Valentine’s Day began with a beheading. Over the subsequent millennia, it has become a behemoth fueled by bland corporatism and depression. Feb. 14 remains a day like any other, though, and some entirely passionless events have happened while folks were out getting their romance on. For levity’s sake, we’ll skip over Strasbourg, the Firebombing of Dresden and the Salman Rushdie fatwa.

February 14, 1854: Texas was linked to the rest of the United States by telegraph. Telegraph may be the least intimate communication form of all-time. Even the tenderest messages sound cold and curt.

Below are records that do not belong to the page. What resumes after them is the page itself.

Lemma rgamma_seq_pos z n : 0 < z -> 0 < rgamma_seq z n.
Proof.
  intros Hz. unfold rgamma_seq.
  apply Rdiv_lt_0_compat; [apply rising_pos; lra|].
  apply Rmult_lt_0_compat; [apply INR_fact_lt_0 | apply exp_pos].
Qed.

Lemma ln_rgamma_seq_succ z m : 0 < z -> (1 <= m)%nat ->
  ln (rgamma_seq z (S m)) - ln (rgamma_seq z m)
  = ln (1 + z / (INR m + 1)) - z * ln (1 + / INR m).
Proof.
  intros Hz Hm.
  assert (HN : 1 <= INR m) by (apply (le_INR 1); lia).
  assert (Hstep : rgamma_seq z (S m)
                  = rgamma_seq z m * (1 + z / (INR m + 1)) * exp (- (z * ln (1 + / INR m)))).
  { assert (Hln : ln (INR (S m)) = ln (INR m) + ln (1 + / INR m)).
    { rewrite <- ln_mult by (try apply Rplus_lt_0_compat; try apply Rinv_0_lt_compat; lra).
      f_equal. rewrite S_INR. field. lra. }
    unfold rgamma_seq, Rpower.
    change (rising z (S m)) with (rising z m * (z + INR (S m))). rewrite fact_simpl, mult_INR, Hln.
    replace (z * (ln (INR m) + ln (1 + / INR m)))
      with (z * ln (INR m) + z * ln (1 + / INR m)) by ring.
    rewrite exp_plus, exp_Ropp, S_INR.
    pose proof (INR_fact_neq_0 m). pose proof (exp_pos (z * ln (INR m))).
    pose proof (exp_pos (z * ln (1 + / INR m))).
    field. repeat split; lra. }
  pose proof (rgamma_seq_pos z m Hz).
  assert (0 < 1 + z / (INR m + 1)) by (pose proof (Rdiv_lt_0_compat z (INR m + 1)); lra).
  rewrite Hstep, ln_mult, ln_mult, ln_exp; [lra | lra | lra | | apply exp_pos].
  apply Rmult_lt_0_compat; lra.
Qed.

Lemma ln_gauss_factor_bound z N : 0 < z -> 1 <= N ->
  Rabs (ln (1 + z / (N + 1)) - z * ln (1 + / N)) <= (2 * z + z * z) * (/ N - / (N + 1)).
Proof.
  intros Hz HN.
  set (a := / N). set (b := / (N + 1)).
  assert (Ha0 : 0 < a) by (unfold a; apply Rinv_0_lt_compat; lra).
  assert (Hb0 : 0 < b) by (unfold b; apply Rinv_0_lt_compat; lra).
  assert (Hab : a - b = a * b) by (unfold a, b; field; lra).
  assert (Hba : b <= a) by (assert (N * a = 1) by (unfold a; field; lra); nra).
  assert (Ha2 : a <= 2 * b).
  { assert (N * a = 1) by (unfold a; field; lra).
    assert ((N + 1) * b = 1) by (unfold b; field; lra). nra. }
  replace (z / (N + 1)) with (z * b) by (unfold b; field; lra).
  destruct (ln1p_bounds (z * b)) as [L1 U1]; [nra|].
  destruct (ln1p_bounds a) as [L2 U2]; [lra|].
  rewrite Hab. apply Rabs_le. split.
  - assert (z * b * (z * b) <= z * z * (a * b)) by (assert (0 <= z * z) by nra; nra).
    assert (z * ln (1 + a) <= z * a) by nra. nra.
  - assert (z * (a - a * a) <= z * ln (1 + a)) by nra.
    assert (z * (a * a) <= 2 * z * (a * b)) by (assert (0 <= z * a) by nra; nra).
    nra.
Qed.

Lemma rgamma_spec z : 0 < z -> 0 < rgamma z /\ is_lim_seq (rgamma_seq z) (rgamma z).
Proof.
  intros Hz.
  assert (Hinc : forall m, (1 <= m)%nat ->
    Rabs (ln (rgamma_seq z (S m)) - ln (rgamma_seq z m))
    <= (2 * z + z * z) * (/ INR m - / INR (S m))).
  { intros m Hm. rewrite ln_rgamma_seq_succ, S_INR by assumption.
    apply ln_gauss_factor_bound; [exact Hz | apply (le_INR 1); lia]. }
  destruct (cvg_of_telescoping_increments _ (2 * z + z * z) ltac:(nra) Hinc) as [l Hl].
  assert (Hlim : is_lim_seq (rgamma_seq z) (exp l)).
  { eapply is_lim_seq_ext; [| apply (is_lim_seq_continuous exp); [| exact Hl]].
    - intro m. apply exp_ln, rgamma_seq_pos, Hz.
    - apply derivable_continuous_pt, derivable_exp. }
  assert (E : rgamma z = exp l).
  { unfold rgamma. apply (UL_sequence (rgamma_seq z)); [| apply is_lim_seq_Reals, Hlim].
    apply epsilon_spec. exists (exp l). apply is_lim_seq_Reals, Hlim. }
  rewrite E. split; [apply exp_pos | exact Hlim].
Qed.

Lemma rising_shift z n : rising z (S n) = z * rising (z + 1) n.
Proof.
  induction n as [|n IH]; [simpl; ring|].
  change (rising z (S (S n))) with (rising z (S n) * (z + INR (S (S n)))).
  change (rising (z + 1) (S n)) with (rising (z + 1) n * (z + 1 + INR (S n))).
  rewrite IH, (S_INR (S n)). ring.
Qed.

Lemma rgamma_seq_shift z m : 0 < z ->
  rgamma_seq (z + 1) (S m)
  = rgamma_seq z (S (S m)) * exp ((z + 1) * (ln (INR (S (S m))) - ln (INR (S m)))) / z.
Proof.
  intros Hz. unfold rgamma_seq, Rpower.
  rewrite (rising_shift z (S m)), (fact_simpl (S m)), mult_INR.
  assert (H1 : 0 < INR (S m)) by (apply lt_0_INR; lia).
  assert (H2 : 0 < INR (S (S m))) by (apply lt_0_INR; lia).
  pose proof (INR_fact_neq_0 (S m)).
  replace ((z + 1) * (ln (INR (S (S m))) - ln (INR (S m)))) with
    ((z * ln (INR (S (S m))) + ln (INR (S (S m)))) + - ((z + 1) * ln (INR (S m)))) by ring.
  rewrite exp_plus, exp_plus, exp_Ropp, exp_ln by lra.
  pose proof (exp_pos (z * ln (INR (S (S m))))).
  pose proof (exp_pos ((z + 1) * ln (INR (S m)))).
  field. repeat split; lra.
Qed.

(* ln (m + 2) - ln (m + 1) = ln (1 + 1/(m+1)) lies in [0, 1/(m+1)]. *)
Lemma ln_succ_diff_lim : is_lim_seq (fun m => ln (INR (S (S m))) - ln (INR (S m))) 0.
Proof.
  apply (is_lim_seq_le_le (fun _ => 0) _ (fun m => / INR (S m)));
    [| apply is_lim_seq_const | apply inv_Sn_lim].
  intro m. assert (HN : 0 < INR (S m)) by (apply lt_0_INR; lia).
  assert (Hy : 0 < / INR (S m)) by (apply Rinv_0_lt_compat; lra).
  replace (INR (S (S m))) with (INR (S m) * (1 + / INR (S m)))
    by (rewrite (S_INR (S m)); field; lra).
  rewrite ln_mult by lra.
  destruct (ln1p_bounds (/ INR (S m))) as [_ Hup]; [lra|].
  pose proof (ln_increasing 1 (1 + / INR (S m)) ltac:(lra) ltac:(lra)) as Hpos.
  rewrite ln_1 in Hpos. lra.
Qed.

Lemma rgamma_rec z : 0 < z -> rgamma (z + 1) = rgamma z / z.
Proof.
  intros Hz.
  destruct (rgamma_spec z Hz) as [_ Hlim].
  destruct (rgamma_spec (z + 1) ltac:(lra)) as [_ Hlim1].
  assert (Hfactor : is_lim_seq
            (fun m => exp ((z + 1) * (ln (INR (S (S m))) - ln (INR (S m))))) (exp ((z + 1) * 0))).
  { apply (is_lim_seq_continuous (fun y => exp ((z + 1) * y))); [| apply ln_succ_diff_lim].
    apply derivable_continuous_pt, derivable_pt_comp;
      [apply derivable_pt_scal, derivable_pt_id | apply derivable_exp]. }
  rewrite Rmult_0_r, exp_0 in Hfactor.
  apply (proj1 (is_lim_seq_incr_1 _ _)), (proj1 (is_lim_seq_incr_1 _ _)) in Hlim.
  apply (proj1 (is_lim_seq_incr_1 _ _)) in Hlim1.
  assert (Hshift : is_lim_seq (fun m => rgamma_seq (z + 1) (S m)) (rgamma z * 1 / z)).
  { eapply is_lim_seq_ext; [intro m; symmetry; apply rgamma_seq_shift, Hz |].
    apply is_lim_seq_mult'; [apply is_lim_seq_mult'; assumption | apply is_lim_seq_const]. }
  apply is_lim_seq_unique in Hlim1, Hshift. rewrite Hlim1 in Hshift.
  injection Hshift as E. rewrite E. field. lra.
Qed.

(* Shifting the argument by a positive integer k does not increase 1/Gamma
   beyond (1/Gamma(z)) / z, since 1/Gamma(w+1) = (1/Gamma(w)) / w <= 1/Gamma(w)
   once w >= 1. *)
Lemma rgamma_shift_le z k : 0 < z -> rgamma (z + INR (S k)) <= rgamma z / z.
Proof.
  intros Hz. induction k as [|k IH].
  - simpl. rewrite rgamma_rec by exact Hz. lra.
  - assert (Hw : 1 <= z + INR (S k)) by (rewrite S_INR; pose proof (pos_INR k); lra).
    destruct (rgamma_spec (z + INR (S k)) ltac:(lra)) as [Hpos _].
    replace (z + INR (S (S k))) with (z + INR (S k) + 1) by (rewrite (S_INR (S k)); ring).
    rewrite rgamma_rec by lra.
    apply Rle_trans with (rgamma (z + INR (S k))); [| exact IH].
    unfold Rdiv. rewrite <- (Rmult_1_r (rgamma (z + INR (S k)))) at 2.
    apply Rmult_le_compat_l; [lra |].
    rewrite <- Rinv_1. apply Rinv_le_contravar; lra.
Qed.

Lemma besselJ_term_eq a s k : 0 < s ->
  besselJ_term a s k
  = (-1) ^ k / INR (Factorial.fact k) * rgamma (a + 1 + INR k) * Rpower (s / 2) a
    * (s / 2 * (s / 2)) ^ k.
Proof.
  intros Hs. unfold besselJ_term.
  rewrite Rpower_plus.
  replace (2 * INR k) with (INR (2 * k)) by (rewrite mult_INR; simpl; ring).
  rewrite Rpower_pow, pow_mult by lra.
  replace (INR k + a + 1) with (a + 1 + INR k) by ring.
  replace ((s / 2) ^ 2) with (s / 2 * (s / 2)) by ring. ring.
Qed.

Lemma besselJ_term_succ_bound a s k : 0 < a + 1 -> 0 < s ->
  Rabs (besselJ_term a s (S k))
  <= rgamma (a + 1) / (a + 1) * Rpower (s / 2) a * (s / 2 * (s / 2)) ^ S k.
Proof.
  intros Ha Hs. rewrite besselJ_term_eq by exact Hs.
  set (X := s / 2 * (s / 2)). set (P := Rpower (s / 2) a).
  assert (HP : 0 < P) by (unfold P, Rpower; apply exp_pos).
  assert (HX : 0 <= X ^ S k) by (apply pow_le; unfold X; nra).
  pose proof (rgamma_shift_le (a + 1) k Ha) as Hshift.
  destruct (rgamma_spec (a + 1 + INR (S k))) as [Hpos _];
    [pose proof (pos_INR (S k)); lra |].
  assert (Hfact : 0 < / INR (Factorial.fact (S k)) <= 1).
  { split; [apply Rinv_0_lt_compat, INR_fact_lt_0 |].
    rewrite <- Rinv_1. apply Rinv_le_contravar; [lra |].
    apply (le_INR 1). pose proof (Factorial.fact_neq_0 (S k)). lia. }
  rewrite !Rabs_mult. unfold Rdiv. rewrite Rabs_mult, pow_1_abs, Rmult_1_l.
  rewrite Rabs_pos_eq, (Rabs_pos_eq (rgamma _)), (Rabs_pos_eq P), (Rabs_pos_eq (X ^ _))
    by lra.
  apply Rmult_le_compat_r; [lra |]. apply Rmult_le_compat_r; [lra |].
  unfold Rdiv in Hshift. rewrite <- (Rmult_1_l (rgamma (a + 1) * / (a + 1))).
  apply Rmult_le_compat; lra.
Qed.

Lemma besselJ_series a s : 0 < a + 1 -> 0 < s -> s / 2 * (s / 2) < 1 ->
  ex_series (fun k => Rabs (besselJ_term a s k))
  /\ besselJ a s = Series (besselJ_term a s).
Proof.
  intros Ha Hs HX.
  set (X := s / 2 * (s / 2)) in *.
  assert (HXabs : Rabs X < 1) by (rewrite Rabs_pos_eq by (unfold X; nra); lra).
  assert (Habs : ex_series (fun k => Rabs (besselJ_term a s k))).
  { apply (ex_series_incr_1 (fun k => Rabs (besselJ_term a s k))).
    apply (@ex_series_le R_AbsRing R_CompleteNormedModule _
             (fun k => rgamma (a + 1) / (a + 1) * Rpower (s / 2) a * X ^ S k)).
    - intro n. change (norm (Rabs (besselJ_term a s (S n))))
        with (Rabs (Rabs (besselJ_term a s (S n)))).
      rewrite Rabs_Rabsolu. apply besselJ_term_succ_bound; assumption.
    - apply (ex_series_incr_1 (fun k => rgamma (a + 1) / (a + 1) * Rpower (s / 2) a * X ^ k)).
      apply (ex_series_scal_l (rgamma (a + 1) / (a + 1) * Rpower (s / 2) a) (fun k => X ^ k)).
      apply ex_series_geom, HXabs. }
  split; [exact Habs |].
  assert (Hsum : is_series (besselJ_term a s) (Series (besselJ_term a s)))
    by (apply Series_correct, ex_series_Rabs, Habs).
  unfold besselJ. apply (uniqueness_sum (besselJ_term a s)); [| apply is_series_Reals, Hsum].
  apply epsilon_spec. exists (Series (besselJ_term a s)). apply is_series_Reals, Hsum.
Qed.

Lemma besselJ_small_arg a s : 0 < a + 1 -> 0 < s ->
  s / 2 * (s / 2) <= (a + 1) / 4 -> s / 2 * (s / 2) <= 1 / 4 ->
  Rabs (besselJ a s - rgamma (a + 1) * Rpower (s / 2) a)
  <= rgamma (a + 1) * Rpower (s / 2) a / 3.
Proof.
  intros Ha Hs HXa HX1.
  destruct (besselJ_series a s Ha Hs ltac:(lra)) as [Habs ->].
  set (z := a + 1) in *. set (X := s / 2 * (s / 2)) in *. set (P := Rpower (s / 2) a).
  assert (HP : 0 < P) by (unfold P, Rpower; apply exp_pos).
  destruct (rgamma_spec z Ha) as [Hg _].
  assert (HX0 : 0 <= X) by (unfold X; nra).
  assert (HXabs : Rabs X < 1) by (rewrite Rabs_pos_eq; lra).
  rewrite Series_incr_1 by (apply ex_series_Rabs, Habs).
  assert (Hlead : besselJ_term a s 0 = rgamma z * P).
  { rewrite besselJ_term_eq by exact Hs. simpl. rewrite Rplus_0_r. fold z P. field. }
  rewrite Hlead.
  replace (rgamma z * P + Series (fun k => besselJ_term a s (S k)) - rgamma z * P)
    with (Series (fun k => besselJ_term a s (S k))) by ring.
  eapply Rle_trans.
  { apply Series_Rabs, (ex_series_incr_1 (fun k => Rabs (besselJ_term a s k))), Habs. }
  eapply Rle_trans.
  { apply (Series_le _ (fun k => rgamma z / z * P * X * X ^ k)).
    - intro n. split; [apply Rabs_pos |].
      replace (rgamma z / z * P * X * X ^ n) with (rgamma z / z * P * X ^ S n) by (simpl; ring).
      apply besselJ_term_succ_bound; assumption.
    - apply (ex_series_scal_l (rgamma z / z * P * X) (fun k => X ^ k)).
      apply ex_series_geom, HXabs. }
  rewrite Series_scal_l, Series_geom by exact HXabs.
  assert (HXX : X * / (1 - X) <= z / 3).
  { apply (Rmult_le_reg_r (1 - X)); [lra |]. rewrite Rmult_assoc, Rinv_l by lra. nra. }
  assert (0 < rgamma z / z * P) by (apply Rmult_lt_0_compat; [apply Rdiv_lt_0_compat |]; lra).
  replace (rgamma z / z * P * X * / (1 - X)) with (rgamma z / z * P * (X * / (1 - X))) by ring.
  apply Rle_trans with (rgamma z / z * P * (z / 3)); [apply Rmult_le_compat_l; lra |].
  right. field. lra.
Qed.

Multiple third-parties are involved. Humans have not devised a way to turn it prurient.

February 14, 1924: Thomas Watson started the International Business Machines Corporation, better known as IBM. The name is as boring and utilitarian as the products. It’s hard to find an emblem of every day realism and drudgery more poignant than corporate data storage. IBM’s idea of whimsy? Adding a smidge of geometric flare to a giant black box.

February 14, 1929: Alexander Fleming unveiled his recently discovered antibiotic penicillin. Sure, this was one of the most revolutionary achievements in the history of medicine and an undoubted boon for mankind, but could there be a bigger cry for human intimacy than playing with bread mold alone in a basement laboratory?

February 14, 1971: Richard Nixon installed his secret taping system in the White House. Nothing gets that blood flowing like a little red wine and some hot Nixon chats.

February 14, 1977: The B-52’s played their first concert together at an Athens, Georgia house party. They are possibly the dorkiest band of all-time. Fred Schneider’s voice is the cold shower of pop music. Listening to a B-52’s album foments the urge to add articles of clothing.